- _Problem statement_:
Look over the entries below. Report how many lines hold the word "last", and only that.

Segment Start: Data in this exercise

Lemma sum_amp_step n t s (f : nat -> nat -> R) : (t + s <= 2 ^ n)%N ->
  \sum_(t' < (2 ^ n.+1).+1) \sum_(s' < (2 ^ n.+1).+1)
     (if (t <= t')%N && (s <= s')%N
      then amp_kernel p xi t s (t' - t) (s' - s) else 0) * f t' s' =
  cycle_E p xi t s f.
Proof.
move=> le_ts_2n; set N := (2 ^ n.+1).+1.
have le_2n_N : (2 * 2 ^ n < N)%N by rewrite /N expnS.
pose H a := \sum_(b < N - s) amp_kernel p xi t s a b * f (t + a)%N (s + b)%N.
rewrite (eq_bigr (fun t' : 'I_N => if (t <= t')%N then H (t' - t)%N else 0)); last first.
  move=> t' _; case: (leqP t t') => [le_tt'|_] /=; last first.
    by rewrite big1 // => *; rewrite mul0r.
  rewrite /H -(@sum_ord_shift _ s N
    (fun b => amp_kernel p xi t s (t' - t) b * f (t + (t' - t))%N (s + b)%N)); last by lia.
  apply: eq_bigr => s' _; case: (leqP s s') => [le_ss'|_]; last by rewrite mul0r.
  by rewrite !subnKC.
rewrite sum_ord_shift; last by lia.
rewrite (sum_ord_trunc (m := t.+1) (F := H)); first last.
- move=> a lt_t_a; rewrite /H big1 // => b _.
  by rewrite amp_kernelE big1 ?mul0r // => i _; rewrite target_weight0 ?mul0r //; lia.
- by lia.
apply: eq_bigr => a _.
by rewrite /H (sum_amp_kernel _ (fun b => f (t + a)%N (s + b)%N)) //; lia.
Qed.

Lemma amp_E_succ n f :
  amp_E p xi n.+1 f = amp_E p xi n (fun t s => cycle_E p xi t s f).
Proof.
rewrite /amp_E /=.
transitivity (\sum_(t < (2 ^ n).+1) \sum_(s < (2 ^ n).+1) amp_dist p xi n t s *
  \sum_(t' < (2 ^ n.+1).+1) \sum_(s' < (2 ^ n.+1).+1)
     (if (t <= t')%N && (s <= s')%N
      then amp_kernel p xi t s (t' - t) (s' - s) else 0) * f t' s').
  under eq_bigr do under eq_bigr do rewrite pair_bigA mulr_suml.
  under [RHS]eq_bigr do under eq_bigr do rewrite pair_bigA mulr_sumr.
  rewrite pair_bigA exchange_big [RHS]pair_bigA.
  by apply: eq_bigr => ts _; apply: eq_bigr => ts' _; rewrite mulrA.
apply: eq_bigr => t _; apply: eq_bigr => s _.
have [le_ts_2n|lt_2n_ts] := leqP (t + s) (2 ^ n); first by rewrite sum_amp_step.
by rewrite amp_dist0 ?mul0r.
Qed.
End Chain.

Section Moments.
Variables (R : comNzRingType) (p xi : R).
Local Notation q := (p * (1 - xi)).
Local Notation r := (p * xi).
Implicit Types f g : nat -> nat -> R.

Lemma eq_amp_E n f g : f =2 g -> amp_E p xi n f = amp_E p xi n g.
Proof. by move=> fg; apply: eq_bigr => t _; apply: eq_bigr => s _; rewrite fg. Qed.

Lemma amp_ED n f g :
  amp_E p xi n (fun t s => f t s + g t s) = amp_E p xi n f + amp_E p xi n g.
Proof.
rewrite -big_split; apply: eq_bigr => t _.
by rewrite -big_split; apply: eq_bigr => s _; rewrite mulrDr.
Qed.

Lemma amp_EB n f g :
  amp_E p xi n (fun t s => f t s - g t s) = amp_E p xi n f - amp_E p xi n g.
Proof.
rewrite -sumrB; apply: eq_bigr => t _.
by rewrite -sumrB; apply: eq_bigr => s _; rewrite mulrBr.
Qed.

Lemma amp_EZ n c f : amp_E p xi n (fun t s => c * f t s) = c * amp_E p xi n f.
Proof.
rewrite mulr_sumr; apply: eq_bigr => t _.
by rewrite mulr_sumr; apply: eq_bigr => s _; rewrite mulrCA.
Qed.

Lemma amp_E0 f : amp_E p xi 0 f = f 1%N 0%N.
Proof. by rewrite /amp_E /= !big_ord_recr !big_ord0 /=; ring. Qed.

Definition amp_ET2 n := amp_E p xi n (fun t _ => t%:R ^+ 2).

Lemma amp_ET_succ n : amp_ET p xi n.+1 = (1 + q) * amp_ET p xi n.
Proof. by rewrite /amp_ET amp_E_succ (eq_amp_E _ (cycle_E_T p xi)) amp_EZ. Qed.

Lemma amp_ES_succ n :
  amp_ES p xi n.+1 = (1 + p) * amp_ES p xi n + r * amp_ET p xi n.
Proof. by rewrite /amp_ES amp_E_succ (eq_amp_E _ (cycle_E_S p xi)) amp_ED !amp_EZ. Qed.

Lemma amp_ET2_succ n :
  amp_ET2 n.+1 = (1 + q) ^+ 2 * amp_ET2 n + q * (1 - q) * amp_ET p xi n.
Proof.
by rewrite /amp_ET2 amp_E_succ (eq_amp_E _ (cycle_E_T2 p xi)) amp_ED !amp_EZ.
Qed.

Lemma amp_ETS_succ n : amp_ETS p xi n.+1 =
  (1 + p) * (1 + q) * amp_ETS p xi n + r * (1 + q) * amp_ET2 n - q * r * amp_ET p xi n.
Proof.
by rewrite /amp_ETS amp_E_succ (eq_amp_E _ (cycle_E_TS p xi)) amp_EB amp_ED !amp_EZ.
Qed.

Lemma amp_ETE n : amp_ET p xi n = (1 + q) ^+ n.
Proof.
elim: n => [|n IHn]; first by rewrite /amp_ET amp_E0.
by rewrite amp_ET_succ IHn exprS.
Qed.

Lemma amp_ESE n : amp_ES p xi n = (1 + p) ^+ n - (1 + q) ^+ n.
Proof.
elim: n => [|n IHn]; first by rewrite /amp_ES amp_E0 !expr0 subrr.
by rewrite amp_ES_succ IHn amp_ETE !exprS; ring.
Qed.
End Moments.

Section ClosedForms.
Variables (F : fieldType) (p xi : F).
Local Notation q := (p * (1 - xi)).
Hypothesis q_neq : 1 + q != 0.

Lemma amp_ET2E n : amp_ET2 p xi n =
  (1 + q) ^+ n * (1 + q) ^+ n + (1 - q) / (1 + q) * (1 + q) ^+ n * ((1 + q) ^+ n - 1).
Proof.
elim: n => [|n IHn]; first by rewrite /amp_ET2 amp_E0 !expr0; field.
by rewrite amp_ET2_succ IHn amp_ETE !exprS; field.
Qed.

Lemma amp_ETSE n : amp_ETS p xi n = (1 + q) ^+ n / (1 + q) *
  (xi * (1 - (1 + p) ^+ n) + 2 * ((1 + p) ^+ n - (1 + q) ^+ n)).
Proof.
elim: n => [|n IHn]; first by rewrite /amp_ETS amp_E0 !expr0; field.
by rewrite amp_ETS_succ IHn amp_ET2E amp_ETE !exprS; field.
Qed.
End ClosedForms.

Theorem mainTheorem1 (R : realFieldType) (p xi : R) (n : nat)
  (hp0 : 0 <= p) (hp1 : p <= 1) (hxi0 : 0 <= xi) (hxi1 : xi <= 1) :
  let q := p * (1 - xi) in
  [/\ amp_ET p xi n = (1 + q) ^+ n,
      amp_ES p xi n = (1 + p) ^+ n - (1 + q) ^+ n,
      amp_VarT p xi n = (1 - q) / (1 + q) * (1 + q) ^+ n * ((1 + q) ^+ n - 1),
      amp_ETS p xi n = (1 + q) ^+ n / (1 + q) *
        (xi * (1 - (1 + p) ^+ n) + 2 * ((1 + p) ^+ n - (1 + q) ^+ n))
    & amp_CovTS p xi n = (1 + q) ^+ n / (1 + q) *
        ((1 - q) * ((1 + p) ^+ n - (1 + q) ^+ n) - xi * ((1 + p) ^+ n - 1))].
Proof.
move=> q; rewrite {}/q.
have q_neq : 1 + p * (1 - xi) != 0.
  by rewrite gt_eqF // ltr_wpDr // mulr_ge0 // subr_ge0.
split; [exact: amp_ETE | exact: amp_ESE | | exact: amp_ETSE |].
- by rewrite /amp_VarT -/(amp_ET2 p xi n) amp_ET2E // amp_ETE; field.
- by rewrite /amp_CovTS amp_ETSE // amp_ETE amp_ESE; field.
Qed.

Segment End: Data in this exercise

- _Task response_:
6